Home shaving
home grooming

       Different Strokes

 In 1903, King Camp set out to perfect the disposable razor blade. How successful he was will be apparent when you learn his last name: Gillette. Home shaving has led to the demise of the barbershop shave, but Gillette originally offered his idea to barbers. Unfortunately, they scoffed at the idea, incredulous that home razors could ever replace the shaving parlour.

       Barbers later did partner up with suppliers, presaging the shops of today, when supplies may take up half a salon. The carton for Vaseline Hair Tonic included a coupon for 25 cents off a haircut when presented to your barber. The in-store display featured a barber shop motif with a flashing barber pole and the current prices: 59 cents for Vaseline Hair Cream, and 79 cents for tonic. "Get Vitalis today," urged a 1950 magazine ad, "at any drug counter or barber shop." "Like to try Kreml?" asked another hair tonic ad, "After your next haircut, ask your barber for the Kreml application."

       Without the morning migration to the barbershop for the daily shave, men were left to figure it out on their own. Some stropped and honed and braved the straight edge, but increasing numbers tried out King Camp's creation, and injector blades eventually showed up next to the Vitalis in barbershop sale counters. Likewise the lather. The sloshing of mug and brush gave way to new aerosol "shave bombs," and electric shavers became increasingly sophisticated. Each method had its merits. Electrics were fast and easy, but they didn't cut close and razor burn meant you needed pre- and after shave lotion. Single-edged razors shaved close and clean, but getting the knack could be tricky, and blades soon lost their edge. Shave bombs were simple and didn't require a brush, but no denying the delight of a mug of lather, and the traditional warm shave.




      Some Like it Hot

   Injectors evolved into cartridge razors, and single blades increased to two, three and four. Blades got sharper and lasted longer, approaching ever closer the elusive goal of a "barbershop shave." Electrics aside, a shave consisted of two things: shave cream and blades. Finally, an invention came to sell both: the home lather machine. The multitude of daily shavers welcomed this great, good idea as a godsend, but early machines proved less than ideal. Shick made one that required special shaving cream cartridges which, after the unit went off the market, proved impossible to obtain. One Gillette model won a design award for its modern styling, but the unit proved difficult to clean. Another Gillette design could use any standard shaving cream can -- except Foamy, Gillette's own brand.

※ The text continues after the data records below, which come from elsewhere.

Lemma sderiv_sexp w E : (forall m, m.+1%:R * w m.+1 = w m) -> E 0%N = 0 ->
  forall n, sderiv (sexp w E) n = smul (sderiv E) (sexp w E) n.
Proof.
move=> w_rec E0 n.
rewrite (@eq_smul _ (sderiv E) _ (fun k => \sum_(m < n.+1) w m * spow E m k)) //;
  last first.
  by move=> k le_kn; exact: sexp_widen.
rewrite (smul_sumr _ (fun m k => w m * spow E m k)); under eq_bigr do rewrite smulZr.
rewrite /sderiv (sexp_widen _ E0 (leqW (ltnSn n))) mulr_sumr big_ord_recl /=.
have -> : n%:R * (w 0%N * sone R n) = 0.
  by rewrite /sone; case: n => [|n]; rewrite ?mulr0n ?mul0r ?mulr0.
rewrite add0r; apply: eq_bigr => m _; rewrite /bump add1n add0n.
rewrite mulrCA -[_%:R * smul _ _ _]/(sderiv (spow E m.+1) n) sderiv_spow.
by rewrite mulrA (mulrC (w _)) w_rec.
Qed.

Lemma sexp_null w E n : (forall i, E i = 0) -> (0 < n)%N -> sexp w E n = 0.
Proof.
move=> E_0 n_gt0; rewrite /sexp big_ord_recl /= /sone gtn_eqF // mulr0 add0r.
by apply: big1 => m _; rewrite /spow /= /smul big1 ?mulr0 // => i _; rewrite E_0 mul0r.
Qed.

Definition even_seq f := forall n, odd n -> f n = 0.

Lemma smul_even f g : even_seq f -> even_seq g -> even_seq (smul f g).
Proof.
move=> f_even g_even n n_odd; apply: big1 => i _.
have [i_odd|i_even] := boolP (odd i); first by rewrite f_even ?mul0r.
by rewrite g_even ?mulr0 // oddB ?(ltnSE (ltn_ord i)) // n_odd (negbTE i_even).
Qed.

Lemma spow_even E m : even_seq E -> even_seq (spow E m).
Proof.
move=> E_even; elim: m => [|m IH] n n_odd /=; last exact: smul_even.
by rewrite /sone; case: n n_odd.
Qed.

Lemma sexp_even w E : even_seq E -> even_seq (sexp w E).
Proof. by move=> E_even n n_odd; apply: big1 => m _; rewrite spow_even ?mulr0. Qed.

Lemma even_smulKl s q : s 0%N = 1 -> even_seq s -> even_seq (smul s q) -> even_seq q.
Proof.
move=> s0 s_even sq_even; elim/ltn_ind => n IH n_odd.
move: (sq_even n n_odd); rewrite /smul big_ord_recl s0 mul1r subn0 big1 ?addr0 // => i _.
have [i_odd|i_even] := boolP (odd (lift ord0 i)); first by rewrite s_even ?mul0r.
have n_gt0 : (0 < n)%N by case: n {IH sq_even} n_odd i {i_even}.
have le_in : (lift ord0 i <= n)%N := ltnSE (ltn_ord _).
rewrite IH ?mulr0 //; first by rewrite /= /bump /=; lia.
by rewrite oddB // n_odd (negbTE i_even).
Qed.

End CauchyProduct.

Lemma rmorph_smul (R S : comNzRingType) (phi : {rmorphism R -> S}) (f g : nat -> R) n :
  phi (smul f g n) = smul (phi \o f) (phi \o g) n.
Proof. by rewrite rmorph_sum; apply: eq_bigr => i _; rewrite rmorphM. Qed.

Lemma rmorph_spow (R S : comNzRingType) (phi : {rmorphism R -> S}) (E : nat -> R) m n :
  phi (spow E m n) = spow (phi \o E) m n.
Proof.
elim: m n => [|m IH] n.
  by rewrite /= /sone; case: (n == 0%N); rewrite ?rmorph1 ?rmorph0.
rewrite -[spow E m.+1]/(smul E (spow E m)) rmorph_smul.
by apply: eq_smul => // i _; exact: IH.
Qed.

Section HomogeneousSeries.
Variable R : comNzRingType.

Lemma smul_homog (a b : nat -> R) (f g : nat -> {poly R}) n :
  (forall i, f i = (a i)%:P * 'X^i) -> (forall i, g i = (b i)%:P * 'X^i) ->
  smul f g n = (smul a b n)%:P * 'X^n.
Proof.
move=> fE gE; rewrite rmorph_sum mulr_suml; apply: eq_bigr => i _.
by rewrite fE gE /= polyCM mulrACA -exprD subnKC // -ltnS.
Qed.

Lemma spow_homog (a : nat -> R) (E : nat -> {poly R}) m n :
  (forall i, E i = (a i)%:P * 'X^i) -> spow E m n = (spow a m n)%:P * 'X^n.
Proof.
move=> EE; elim: m n => [|m IH] n /=; last exact: smul_homog.
by rewrite /sone; case: n => [|n]; rewrite ?expr0 ?mulr1 ?mul0r.
Qed.

Lemma sexp_homog (w a : nat -> R) (E : nat -> {poly R}) n :
  (forall i, E i = (a i)%:P * 'X^i) ->
  sexp (fun m => (w m)%:P) E n = (sexp w a n)%:P * 'X^n.
Proof.
move=> EE; rewrite rmorph_sum mulr_suml; apply: eq_bigr => m _.
by rewrite (spow_homog _ _ EE) /= polyCM mulrA.
Qed.
End HomogeneousSeries.

Lemma sderiv_smul_uniq (R : numDomainType) (c g h : nat -> R) :
    c 0%N = 0 -> g 0%N = h 0%N ->
    (forall n, sderiv g n = smul c g n) -> (forall n, sderiv h n = smul c h n) ->
  forall n, g n = h n.
Proof.
move=> c0 gh0 g_ode h_ode; elim/ltn_ind => -[|n] IH //.
have eq_cgh : smul c g n.+1 = smul c h n.+1.
  rewrite /smul !(big_ord_recl n.+1) c0 !mul0r !add0r.
  by apply: eq_bigr => i _; rewrite IH // ltn_subrL.
apply: (mulfI (x := n.+1%:R)); first by rewrite pnatr_eq0.
by rewrite -[LHS]/(sderiv g n.+1) -[RHS]/(sderiv h n.+1) g_ode h_ode.
Qed.

Definition invfact {F : numFieldType} (m : nat) : F := (m`!)%:R^-1.

Lemma natr_fact_neq0 (F : numDomainType) n : (n`!%:R : F) != 0.
Proof. by rewrite pnatr_eq0 -lt0n fact_gt0. Qed.

Lemma invfact0 (F : numFieldType) : invfact 0 = 1 :> F.
Proof. by rewrite /invfact invr1. Qed.

Lemma invfact_rec (F : numFieldType) m : m.+1%:R * invfact m.+1 = invfact m :> F.
Proof.
by rewrite /invfact factS natrM invfM mulrA mulfV ?mul1r ?pnatr_eq0.
Qed.

Section LinearFactors.
Variable R : comNzRingType.
Implicit Types (f g c d : nat -> R) (a : R).

(* Coefficients of u (d/du) log (1 + a u). *)
Definition logder_lin a : nat -> R := fun i => if i is 0 then 0 else - (- a) ^+ i.

Lemma sderiv_lin a n :
  sderiv (fun i => (1 + a *: 'X)`_i) n = smul (logder_lin a) (fun i => (1 + a *: 'X)`_i) n.
Proof.
have coef_lin i : (1 + a *: 'X)`_i = (i == 0%N)%:R + a * (i == 1%N)%:R.
  by rewrite coefD coef1 coefZ coefX.
rewrite smulC /sderiv /smul; case: n => [|[|n]].
- by rewrite big_ord1 /= !coef_lin /=; ring.
- by rewrite !big_ord_recl big_ord0 /= !coef_lin /=; ring.
rewrite !big_ord_recl /= big1 => [|i _]; last by rewrite coef_lin /bump /=; ring.
by rewrite !coef_lin /= /bump /= !subSS subn0 exprS; ring.
Qed.

Lemma sderiv_smul_log f g c d :
    (forall n, sderiv f n = smul c f n) -> (forall n, sderiv g n = smul d g n) ->
  forall n, sderiv (smul f g) n = smul (c \+ d) (smul f g) n.
Proof.
move=> f_ode g_ode n; rewrite sderivM smulDl.
rewrite (@eq_smul _ _ (smul c f) g g) // (@eq_smul _ f f _ (smul d g)) //.
rewrite smulA -(smulA f d g) (@eq_smul _ (smul f d) (smul d f) g g) //.
  by rewrite smulA.
by move=> i _; exact: smulC.
Qed.

Lemma sderiv_prod_lin (a : nat -> R) m n :
  sderiv (fun i => (\prod_(l < m) (1 + a l *: 'X))`_i) n =
  smul (fun i => \sum_(l < m) logder_lin (a l) i)
       (fun i => (\prod_(l < m) (1 + a l *: 'X))`_i) n.
Proof.
elim: m n => [|m IH] n.
  rewrite big_ord0 /sderiv coef1 /smul big1 => [|i _]; last by rewrite big_ord0 mul0r.
  by case: n => [|n]; rewrite ?mulr0n ?mul0r ?mulr0.
rewrite big_ord_recr /=; set P := \prod_(l < m) _; set L := 1 + _ *: 'X.
have coefPL i : (P * L)`_i = smul (fun j => P`_j) (fun j => L`_j) i by rewrite coefM.
rewrite /sderiv coefPL -[_ * smul _ _ _]/(sderiv (smul _ _) n).
rewrite (sderiv_smul_log IH (sderiv_lin (a m))).
by apply: eq_smul => i _; rewrite ?big_ord_recr ?coefPL.
Qed.

End LinearFactors.

Lemma Scoef0 : Scoef 0 = 1.
Proof. by rewrite /Scoef /= !expr1 opprK divr1; field. Qed.

Lemma Scoef_even : even_seq Scoef.
Proof.
move=> n n_odd; rewrite /Scoef exprNn -signr_odd /= n_odd expr0.
by rewrite !mul1r subrr mul0r.
Qed.

Definition expcoef {F : numFieldType} (a : F) (n : nat) : F := a ^+ n * invfact n.

Lemma smul_Scoef_expcoef a n :
  smul Scoef (expcoef a) n = expcoef (a + 1/2) n.+1 - expcoef (a - 1/2) n.+1.
Proof.
rewrite /smul /expcoef -mulrBl !exprDn -sumrB [in RHS]big_ord_recl /= !expr0 subrr add0r.
rewrite mulr_suml; apply: eq_bigr => i _; rewrite /bump leq0n add1n subSS.
have fact_split : ((n.+1)`!%:R : algC) = 'C(n.+1, i.+1)%:R * ((i.+1)`!%:R * (n - i)`!%:R).
  by rewrite -!natrM -(bin_fact (ltn_ord i)) subSS.
rewrite /Scoef /invfact fact_split -mulrnBl -[_ *+ 'C(_, _)]mulr_natr.
have binom_neq0 : ('C(n.+1, i.+1)%:R : algC) != 0 by rewrite pnatr_eq0 -lt0n bin_gt0.
by field; rewrite binom_neq0 !natr_fact_neq0.
Qed.

(* S(m u) / S(u) = (1/m) sum_(l < m) exp (a_l u) with a_l = Sratio_exponent m l. *)
Definition Sratio_exponent (m l : nat) : algC := (m%:R - 1) / 2 - l%:R.

Lemma Sratio_expansion m n : (0 < m)%N ->
  smul Scoef (fun i => m%:R^-1 * \sum_(l < m) expcoef (Sratio_exponent m l) i) n =
  Scoef n * m%:R ^+ n.
Proof.
move=> m_gt0; rewrite smulZr (smul_sumr _ (fun l i => expcoef (Sratio_exponent m l) i)).
under eq_bigr do rewrite smul_Scoef_expcoef.
pose e l : algC := expcoef (m%:R / 2 - l%:R) n.+1.
rewrite (eq_bigr (fun l : 'I_m => - (e l.+1 - e l))) => [|l _]; last first.
  by rewrite opprB /e /Sratio_exponent -natr1; congr (expcoef _ _ - expcoef _ _); field.
rewrite sumrN -(big_mkord xpredT (fun l => e l.+1 - e l)) telescope_sumr // opprB /e subr0.
have -> : m%:R / 2 - m%:R = m%:R * - (1 / 2) :> algC by field.
rewrite mulrC /expcoef /Scoef /invfact !exprMn exprS expr1n mul1r.
have m_neq0 : (m%:R : algC) != 0 by rewrite pnatr_eq0 -lt0n.
by field; rewrite m_neq0 natr_fact_neq0.
Qed.

Lemma dlogE n : dlog n.+1 = ((-1) ^+ n * (n`!)%:R : algC)%:P%:P * 'X^(n.+1).
Proof.
elim: n => [|n IH]; first by rewrite /dlog /= mul1r !polyC1 mul1r expr1.
rewrite /dlog /= -/(dlog n.+1) IH /Dy derivM derivC mul0r add0r derivXn /=.
have -> : 'X^(n.+2) = 'X^n * 'X * 'X :> {poly {poly algC}} by rewrite !exprSr.
rewrite -[_ *+ n.+1]mulr_natr factS natrM.
by rewrite !polyCM !polyC_natr !rmorphXn !rmorphN1 [(-1) ^+ n.+1]exprS; ring.
Qed.

Section ExponentialCoefficients.
Variable Q : nat -> {poly algC}.
Hypothesis Q_def : forall n, smul S_ser Q n = Sv_ser n.

Lemma Q_horner x n : smul Scoef (fun i => (Q i).[x]) n = Scoef n * x ^+ n.
Proof.
transitivity (horner_eval x (smul S_ser Q n)).
  by rewrite rmorph_smul; apply: eq_smul => i _ //=; rewrite horner_evalE hornerC.
by rewrite Q_def horner_evalE /Sv_ser hornerZ hornerXn.
Qed.

Lemma Q_even : even_seq Q.
Proof.
apply: (@even_smulKl _ S_ser); first by rewrite /S_ser Scoef0.
  by move=> n n_odd; rewrite /S_ser Scoef_even.
by move=> n n_odd; rewrite Q_def /Sv_ser Scoef_even ?scale0r.
Qed.

Lemma Q_horner_N1 i : (Q i).[-1] = sone algC i.
Proof.
apply: (@smulI _ _ (fun i => (Q i).[-1]) _ Scoef0) => n; rewrite Q_horner smul1r.
have [n_odd|n_even] := boolP (odd n); first by rewrite Scoef_even ?mul0r.
by rewrite -signr_odd (negbTE n_even) mulr1.
Qed.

       The worst machine was probably the Eclipse, distributed by Conair, in which the "hot" lather could best be described as lukewarm. But after having made the worst machine, in 2003, they surprisingly made the best. The Conair Hot Lather Machine was the soul of ingenuity, and its engineers had overcome all the problems that had plagued home machines in the past. Previous machines were open on the bottom, and the cans frequently fell out. Conair's machine used a reversible bottom to accomodate 11 oz. or 14oz. cans.  "Shake before using" it said on a shaving cream can, but there was no way to shake the lather in the machine, so the lather lost its fizz. Conair's solution? Shake the machine.

       With the Conair machine, you can use your favorite lather brand. This pleases users; now their favorite brand is hot lather. It also pleases Gillette, Colgate, and Barbasol, whose own products are now enhanced when used with the "value-adding" Conair machine. Likewise, razors. A hot shave is a powerful incentive for a blade razor over an electric. In fact, electric shaver manufacturers were the only ones left out of the equation. Until now. Early wet-dry shavers were cumbersome and innefective. But Panasonic, with its linear shavers, took wet/ dry shaving to the next level, and other companies have added "wet" to their "dry" lines. Electrics have started to include such "wet" features as lotion dispensers on their dry models. Gillette has raised the bar again with its battery-powered Power M3, a mutation of the Mach III with features of an electric wet/ dry shaver.